## [Problem details]
In the entries below, the lines from the one with "Definition l1norm v" through the one with "rewrite /pderiv /derive1." are to be copied exactly; both ends count.

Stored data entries
Lemma enorm_le_coord_bound v (K : R) : (forall i, `|v i 0| <= K) -> enorm v <= d%:R * K.
Proof.
move=> vK; apply: (@le_trans _ _ (Num.sqrt (d%:R * K ^+ 2))).
  rewrite ler_sqrt; last by rewrite mulr_ge0 ?sqr_ge0.
  by apply: ler_sum_ord_const => i; rewrite -expr2 sqr_le_of_normr_le.
have [->|d_neq0] := eqVneq d 0%N; first by rewrite !mul0r sqrtr0.
have K0 : 0 <= K by apply: le_trans (vK (Ordinal (neq0_lt0n (negbTE d_neq0)))).
rewrite -(ger0_norm (x := d%:R * K)) ?mulr_ge0 // -sqrtr_sqr ler_sqrt ?sqr_ge0 //.
by rewrite exprMn ler_wpM2r ?sqr_ge0 // -natrX ler_nat expnS expn1 leq_pmulr // lt0n.
Qed.

Lemma hsnorm_sqr_le_entry_bound A (K : R) :
  (forall i j, `|A i j| <= K) -> hsnorm A ^+ 2 <= (d * d)%:R * K ^+ 2.
Proof.
move=> AK; rewrite hsnorm_sqr natrM -mulrA; apply: ler_sum_ord_const => i.
by apply: ler_sum_ord_const => j; exact: sqr_le_of_normr_le.
Qed.

Lemma dotv_le_coord_bound u v (K : R) :
  (forall i, `|u i 0| <= K) -> dotv u v <= d%:R * K * enorm v.
Proof.
move=> uK; apply: le_trans (ler_norm _) _; apply: le_trans (ler_norm_sum _ _ _) _.
rewrite -mulrA; apply: ler_sum_ord_const => i.
by rewrite normrM ler_pM // normr_coord_le_enorm.
Qed.

Lemma dotvE u v : dotv u v = (u^T *m v) 0 0.
Proof. by rewrite /dotv mxE; apply: eq_bigr => i _; rewrite mxE. Qed.

Lemma dotv_mulmx_trmx M z : dotv ((M *m M^T) *m z) z = dotv (M^T *m z) (M^T *m z).
Proof. by rewrite !dotvE !trmx_mul trmxK !mulmxA. Qed.

Lemma dotv_mulmx_le M u : dotv (M *m u) (M *m u) <= hsnorm M ^+ 2 * dotv u u.
Proof.
rewrite hsnorm_sqr /dotv mulr_suml; apply: ler_sum => i _.
rewrite !mxE -expr2; under [X in _ <= _ * X]eq_bigr => j _ do rewrite -expr2.
exact: sqr_sum_mul_le.
Qed.

Lemma normr_mulmx_entry_le A B (KA KB : R) i j :
  (forall i j, `|A i j| <= KA) -> (forall i j, `|B i j| <= KB) ->
  `|(A *m B) i j| <= d%:R * (KA * KB).
Proof.
move=> AK BK; rewrite mxE; apply: le_trans (ler_norm_sum _ _ _) _.
by apply: ler_sum_ord_const => k; rewrite normrM ler_pM.
Qed.

Lemma normr_mulmx_entry_sub_le A1 A2 B1 B2 (LA KA LB KB : R) i j :
  (forall i j, `|A1 i j - A2 i j| <= LA) -> (forall i j, `|A2 i j| <= KA) ->
  (forall i j, `|B1 i j - B2 i j| <= LB) -> (forall i j, `|B1 i j| <= KB) ->
  `|(A1 *m B1 - A2 *m B2) i j| <= d%:R * (LA * KB + KA * LB).
Proof.
move=> dA A2K dB B1K; rewrite !mxE -sumrB; apply: le_trans (ler_norm_sum _ _ _) _.
apply: ler_sum_ord_const => k.
rewrite (_ : _ - _ = (A1 i k - A2 i k) * B1 k j + A2 i k * (B1 k j - B2 k j)); last by ring.
by apply: le_trans (ler_normD _ _) _; rewrite !normrM lerD // ler_pM.
Qed.

Definition l1norm v : R := \sum_i `|v i 0|.

Lemma l1norm_le_enorm v : l1norm v <= d%:R * enorm v.
Proof. by apply: ler_sum_ord_const => i; exact: normr_coord_le_enorm. Qed.

End EuclideanNorms.

Section PartialDerivatives.
Variables (R : realType) (d : nat).
Implicit Types (g : 'cV[R]_d -> R) (x y z : 'cV[R]_d).

Lemma derive1_along_evec g j z (s : R) : has_pderiv g j ->
  derivable (fun h : R => g (z + h *: evec R j)) s 1 /\
  derive1 (fun h : R => g (z + h *: evec R j)) s = pderiv g j (z + s *: evec R j).
Proof.
move=> gj.
have shiftE (h : R) : g (z + (h + s) *: evec R j) = g ((z + s *: evec R j) + h *: evec R j).
  by rewrite scalerDl addrA (addrAC z).
split.
  move: (gj (z + s *: evec R j)); rewrite /derivable.
  match goal with |- cvg (?F @ _) -> cvg (?G @ _) =>
    have -> : G = F; [apply: funext => h /= | by []] end.
  by rewrite /shift /= scale0r !addr0 shiftE.
rewrite /pderiv /derive1.
match goal with |- lim (?F @ _) = lim (?G @ _) =>
  have -> : F = G; [apply: funext => h /= | by []] end.
by rewrite scale0r !addr0 shiftE.
Qed.

(* Walking [k] from [0] to [d] moves [x] to [y] one coordinate at a time. *)
Definition coord_mix (k : nat) x y : 'cV[R]_d :=
  \col_i (if (i < k)%N then y i 0 else x i 0).

Lemma coord_mix0 x y : coord_mix 0 x y = x.
Proof. by apply/matrixP => i c; rewrite !mxE ltn0 (ord1 c). Qed.

Lemma coord_mix_full x y : coord_mix d x y = y.
Proof. by apply/matrixP => i c; rewrite !mxE ltn_ord (ord1 c). Qed.

Lemma coord_mixS k (lt_kd : (k < d)%N) x y (j := Ordinal lt_kd) :
  coord_mix k.+1 x y = coord_mix k x y + (y j 0 - x j 0) *: evec R j.
Proof.
apply/matrixP => i c; rewrite (ord1 c) !mxE /=.
have [->|neq_ij] := eqVneq i j; first by rewrite /= ltnn leqnn mulr1 addrC subrK.
have neq_ik : nat_of_ord i != k by apply: contra neq_ij => /eqP ik; apply/eqP/val_inj.
by rewrite ltnS leq_eqVlt (negbTE neq_ik) /= mulr0 addr0.
Qed.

## [Written response]
Definition l1norm v : R := \sum_i `|v i 0|.

Lemma l1norm_le_enorm v : l1norm v <= d%:R * enorm v.
Proof. by apply: ler_sum_ord_const => i; exact: normr_coord_le_enorm. Qed.

End EuclideanNorms.

Section PartialDerivatives.
Variables (R : realType) (d : nat).
Implicit Types (g : 'cV[R]_d -> R) (x y z : 'cV[R]_d).

Lemma derive1_along_evec g j z (s : R) : has_pderiv g j ->
  derivable (fun h : R => g (z + h *: evec R j)) s 1 /\
  derive1 (fun h : R => g (z + h *: evec R j)) s = pderiv g j (z + s *: evec R j).
Proof.
move=> gj.
have shiftE (h : R) : g (z + (h + s) *: evec R j) = g ((z + s *: evec R j) + h *: evec R j).
  by rewrite scalerDl addrA (addrAC z).
split.
  move: (gj (z + s *: evec R j)); rewrite /derivable.
  match goal with |- cvg (?F @ _) -> cvg (?G @ _) =>
    have -> : G = F; [apply: funext => h /= | by []] end.
  by rewrite /shift /= scale0r !addr0 shiftE.
rewrite /pderiv /derive1.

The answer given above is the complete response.